- PROBLEM DESCRIPTION:
Each line in the entries below that holds the word "first" belongs in the answer.

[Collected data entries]

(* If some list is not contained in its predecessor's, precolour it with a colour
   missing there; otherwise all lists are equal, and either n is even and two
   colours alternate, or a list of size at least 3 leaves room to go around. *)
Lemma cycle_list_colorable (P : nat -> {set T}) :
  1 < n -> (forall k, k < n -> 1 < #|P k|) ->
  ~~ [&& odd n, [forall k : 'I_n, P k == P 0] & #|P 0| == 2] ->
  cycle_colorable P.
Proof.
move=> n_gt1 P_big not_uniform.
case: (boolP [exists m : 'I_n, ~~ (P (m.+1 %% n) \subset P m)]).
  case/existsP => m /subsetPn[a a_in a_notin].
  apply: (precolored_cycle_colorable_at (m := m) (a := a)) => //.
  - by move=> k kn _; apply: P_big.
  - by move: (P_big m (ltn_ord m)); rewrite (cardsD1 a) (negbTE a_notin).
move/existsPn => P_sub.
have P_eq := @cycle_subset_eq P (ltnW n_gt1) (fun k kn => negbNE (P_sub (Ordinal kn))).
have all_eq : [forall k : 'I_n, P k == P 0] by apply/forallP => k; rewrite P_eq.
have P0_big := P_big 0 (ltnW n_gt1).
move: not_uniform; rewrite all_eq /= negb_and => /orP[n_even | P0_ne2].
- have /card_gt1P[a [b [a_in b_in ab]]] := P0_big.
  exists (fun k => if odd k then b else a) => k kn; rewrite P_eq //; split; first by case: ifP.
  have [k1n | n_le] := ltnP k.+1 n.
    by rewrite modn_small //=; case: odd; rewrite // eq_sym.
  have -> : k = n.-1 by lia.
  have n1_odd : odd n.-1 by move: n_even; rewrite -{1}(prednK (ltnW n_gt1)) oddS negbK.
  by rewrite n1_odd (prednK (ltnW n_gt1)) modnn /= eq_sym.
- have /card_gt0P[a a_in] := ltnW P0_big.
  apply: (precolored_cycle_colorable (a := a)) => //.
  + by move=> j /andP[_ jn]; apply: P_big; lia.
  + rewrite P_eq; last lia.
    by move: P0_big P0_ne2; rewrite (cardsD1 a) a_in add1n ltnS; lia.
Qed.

...

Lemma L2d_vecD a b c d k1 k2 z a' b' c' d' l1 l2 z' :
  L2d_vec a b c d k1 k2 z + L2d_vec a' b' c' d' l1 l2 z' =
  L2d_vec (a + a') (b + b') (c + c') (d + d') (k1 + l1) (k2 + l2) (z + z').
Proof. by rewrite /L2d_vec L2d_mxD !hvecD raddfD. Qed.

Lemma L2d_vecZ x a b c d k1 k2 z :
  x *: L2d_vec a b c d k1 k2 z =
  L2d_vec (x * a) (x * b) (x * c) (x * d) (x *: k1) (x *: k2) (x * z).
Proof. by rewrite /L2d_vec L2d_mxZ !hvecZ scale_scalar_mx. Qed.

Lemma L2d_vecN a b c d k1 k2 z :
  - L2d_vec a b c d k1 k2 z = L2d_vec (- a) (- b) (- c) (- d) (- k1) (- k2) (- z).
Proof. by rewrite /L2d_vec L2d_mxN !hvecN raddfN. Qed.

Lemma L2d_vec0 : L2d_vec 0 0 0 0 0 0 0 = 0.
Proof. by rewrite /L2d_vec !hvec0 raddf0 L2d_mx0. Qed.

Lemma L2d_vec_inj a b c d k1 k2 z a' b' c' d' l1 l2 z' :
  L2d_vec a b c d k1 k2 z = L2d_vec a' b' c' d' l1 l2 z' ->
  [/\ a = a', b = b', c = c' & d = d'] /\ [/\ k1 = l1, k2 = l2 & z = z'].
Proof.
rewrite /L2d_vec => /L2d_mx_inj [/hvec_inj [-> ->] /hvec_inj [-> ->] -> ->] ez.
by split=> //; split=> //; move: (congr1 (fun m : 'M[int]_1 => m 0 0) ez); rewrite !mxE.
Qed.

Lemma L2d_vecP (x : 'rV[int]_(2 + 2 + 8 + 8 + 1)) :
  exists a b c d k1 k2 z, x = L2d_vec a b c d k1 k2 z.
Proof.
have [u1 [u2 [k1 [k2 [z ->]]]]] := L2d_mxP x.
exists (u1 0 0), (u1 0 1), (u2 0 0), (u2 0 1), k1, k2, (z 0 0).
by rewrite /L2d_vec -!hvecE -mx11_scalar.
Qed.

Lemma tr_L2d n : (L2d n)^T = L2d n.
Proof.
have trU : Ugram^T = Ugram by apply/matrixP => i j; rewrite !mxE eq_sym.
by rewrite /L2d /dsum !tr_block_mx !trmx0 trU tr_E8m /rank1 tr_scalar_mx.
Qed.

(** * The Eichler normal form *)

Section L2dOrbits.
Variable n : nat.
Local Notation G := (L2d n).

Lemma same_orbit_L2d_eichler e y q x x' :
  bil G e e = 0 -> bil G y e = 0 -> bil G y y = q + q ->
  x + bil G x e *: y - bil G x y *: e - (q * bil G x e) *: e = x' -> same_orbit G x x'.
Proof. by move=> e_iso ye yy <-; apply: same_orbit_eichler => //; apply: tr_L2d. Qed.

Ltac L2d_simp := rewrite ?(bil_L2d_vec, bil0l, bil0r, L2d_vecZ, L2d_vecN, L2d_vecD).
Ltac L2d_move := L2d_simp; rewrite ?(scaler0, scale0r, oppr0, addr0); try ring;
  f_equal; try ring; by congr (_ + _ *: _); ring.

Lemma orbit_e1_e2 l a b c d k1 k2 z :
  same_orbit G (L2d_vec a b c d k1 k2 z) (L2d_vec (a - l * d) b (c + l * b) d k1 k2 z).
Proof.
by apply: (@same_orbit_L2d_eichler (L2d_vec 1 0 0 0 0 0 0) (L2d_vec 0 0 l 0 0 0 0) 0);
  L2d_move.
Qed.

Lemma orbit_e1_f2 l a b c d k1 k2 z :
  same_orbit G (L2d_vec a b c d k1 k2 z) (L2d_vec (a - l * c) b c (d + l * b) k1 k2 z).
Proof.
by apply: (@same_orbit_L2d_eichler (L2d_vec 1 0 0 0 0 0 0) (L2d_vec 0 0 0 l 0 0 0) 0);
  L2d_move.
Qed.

---

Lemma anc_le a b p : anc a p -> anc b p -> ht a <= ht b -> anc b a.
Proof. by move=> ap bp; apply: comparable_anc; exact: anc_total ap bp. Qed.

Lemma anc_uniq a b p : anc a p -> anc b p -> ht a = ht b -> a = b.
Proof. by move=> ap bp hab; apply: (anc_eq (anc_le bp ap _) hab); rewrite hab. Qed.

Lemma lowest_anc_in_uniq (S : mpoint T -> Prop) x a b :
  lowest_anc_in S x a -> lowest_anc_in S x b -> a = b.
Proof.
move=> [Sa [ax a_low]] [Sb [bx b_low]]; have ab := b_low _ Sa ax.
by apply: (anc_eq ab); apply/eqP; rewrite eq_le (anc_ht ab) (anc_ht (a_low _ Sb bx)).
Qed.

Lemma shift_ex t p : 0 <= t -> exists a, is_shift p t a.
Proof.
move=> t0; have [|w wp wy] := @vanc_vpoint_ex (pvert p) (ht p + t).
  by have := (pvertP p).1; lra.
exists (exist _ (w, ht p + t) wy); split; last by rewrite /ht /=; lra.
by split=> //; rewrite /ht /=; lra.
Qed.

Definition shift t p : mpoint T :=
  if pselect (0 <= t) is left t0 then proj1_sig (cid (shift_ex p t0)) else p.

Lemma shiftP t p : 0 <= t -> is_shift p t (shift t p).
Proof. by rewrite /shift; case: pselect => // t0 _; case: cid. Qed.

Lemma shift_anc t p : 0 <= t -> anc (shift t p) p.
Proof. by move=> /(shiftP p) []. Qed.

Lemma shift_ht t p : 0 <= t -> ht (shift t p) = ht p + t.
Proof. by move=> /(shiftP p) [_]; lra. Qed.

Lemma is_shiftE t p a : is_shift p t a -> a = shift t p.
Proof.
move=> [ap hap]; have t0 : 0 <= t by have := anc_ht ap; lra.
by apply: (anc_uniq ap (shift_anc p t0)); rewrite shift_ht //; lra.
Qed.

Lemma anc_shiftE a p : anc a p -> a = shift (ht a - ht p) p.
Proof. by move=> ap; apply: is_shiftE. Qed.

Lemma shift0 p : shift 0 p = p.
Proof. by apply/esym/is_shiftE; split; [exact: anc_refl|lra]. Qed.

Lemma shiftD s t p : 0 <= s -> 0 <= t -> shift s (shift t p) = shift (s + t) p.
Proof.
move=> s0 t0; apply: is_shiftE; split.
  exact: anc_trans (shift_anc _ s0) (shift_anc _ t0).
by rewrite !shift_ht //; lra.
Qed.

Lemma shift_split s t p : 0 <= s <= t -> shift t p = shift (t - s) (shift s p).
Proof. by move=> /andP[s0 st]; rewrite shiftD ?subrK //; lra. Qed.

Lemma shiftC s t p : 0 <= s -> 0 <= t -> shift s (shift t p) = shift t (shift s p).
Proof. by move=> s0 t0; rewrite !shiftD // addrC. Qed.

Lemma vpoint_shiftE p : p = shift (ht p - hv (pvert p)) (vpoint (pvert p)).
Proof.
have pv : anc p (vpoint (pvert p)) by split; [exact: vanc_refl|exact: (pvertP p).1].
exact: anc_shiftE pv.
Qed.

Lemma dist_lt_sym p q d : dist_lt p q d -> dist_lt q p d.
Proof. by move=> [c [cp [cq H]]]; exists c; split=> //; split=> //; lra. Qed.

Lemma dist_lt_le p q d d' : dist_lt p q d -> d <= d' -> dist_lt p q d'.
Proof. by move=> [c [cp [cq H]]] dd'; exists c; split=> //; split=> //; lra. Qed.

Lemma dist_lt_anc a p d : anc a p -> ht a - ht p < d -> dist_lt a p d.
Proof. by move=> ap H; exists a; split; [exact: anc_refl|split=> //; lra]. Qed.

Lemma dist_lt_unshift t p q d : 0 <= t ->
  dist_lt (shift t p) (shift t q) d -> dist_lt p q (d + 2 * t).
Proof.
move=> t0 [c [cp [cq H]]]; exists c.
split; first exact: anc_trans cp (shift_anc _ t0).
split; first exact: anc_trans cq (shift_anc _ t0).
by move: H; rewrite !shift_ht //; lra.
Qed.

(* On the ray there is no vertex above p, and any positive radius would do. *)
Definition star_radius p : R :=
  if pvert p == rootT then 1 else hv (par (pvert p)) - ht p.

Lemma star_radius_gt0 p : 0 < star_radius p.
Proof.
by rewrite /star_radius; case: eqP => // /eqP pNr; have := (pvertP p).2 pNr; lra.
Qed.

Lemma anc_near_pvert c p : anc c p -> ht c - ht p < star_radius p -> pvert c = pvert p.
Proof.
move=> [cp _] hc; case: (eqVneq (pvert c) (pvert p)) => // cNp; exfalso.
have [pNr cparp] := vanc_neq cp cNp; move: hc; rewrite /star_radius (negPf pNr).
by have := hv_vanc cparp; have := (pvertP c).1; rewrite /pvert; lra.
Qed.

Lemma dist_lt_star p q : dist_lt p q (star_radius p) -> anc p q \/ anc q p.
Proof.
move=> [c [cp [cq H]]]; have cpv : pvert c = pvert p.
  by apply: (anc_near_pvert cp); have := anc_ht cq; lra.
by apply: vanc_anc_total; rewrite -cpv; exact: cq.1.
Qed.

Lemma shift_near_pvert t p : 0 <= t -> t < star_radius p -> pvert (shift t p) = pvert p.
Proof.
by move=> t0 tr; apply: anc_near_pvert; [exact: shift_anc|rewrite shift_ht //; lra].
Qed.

- COMPLETED TASK:
  exists (fun k => if odd k then b else a) => k kn; rewrite P_eq //; split; first by case: ifP.
split; first exact: anc_trans cp (shift_anc _ t0).
split; first exact: anc_trans cq (shift_anc _ t0).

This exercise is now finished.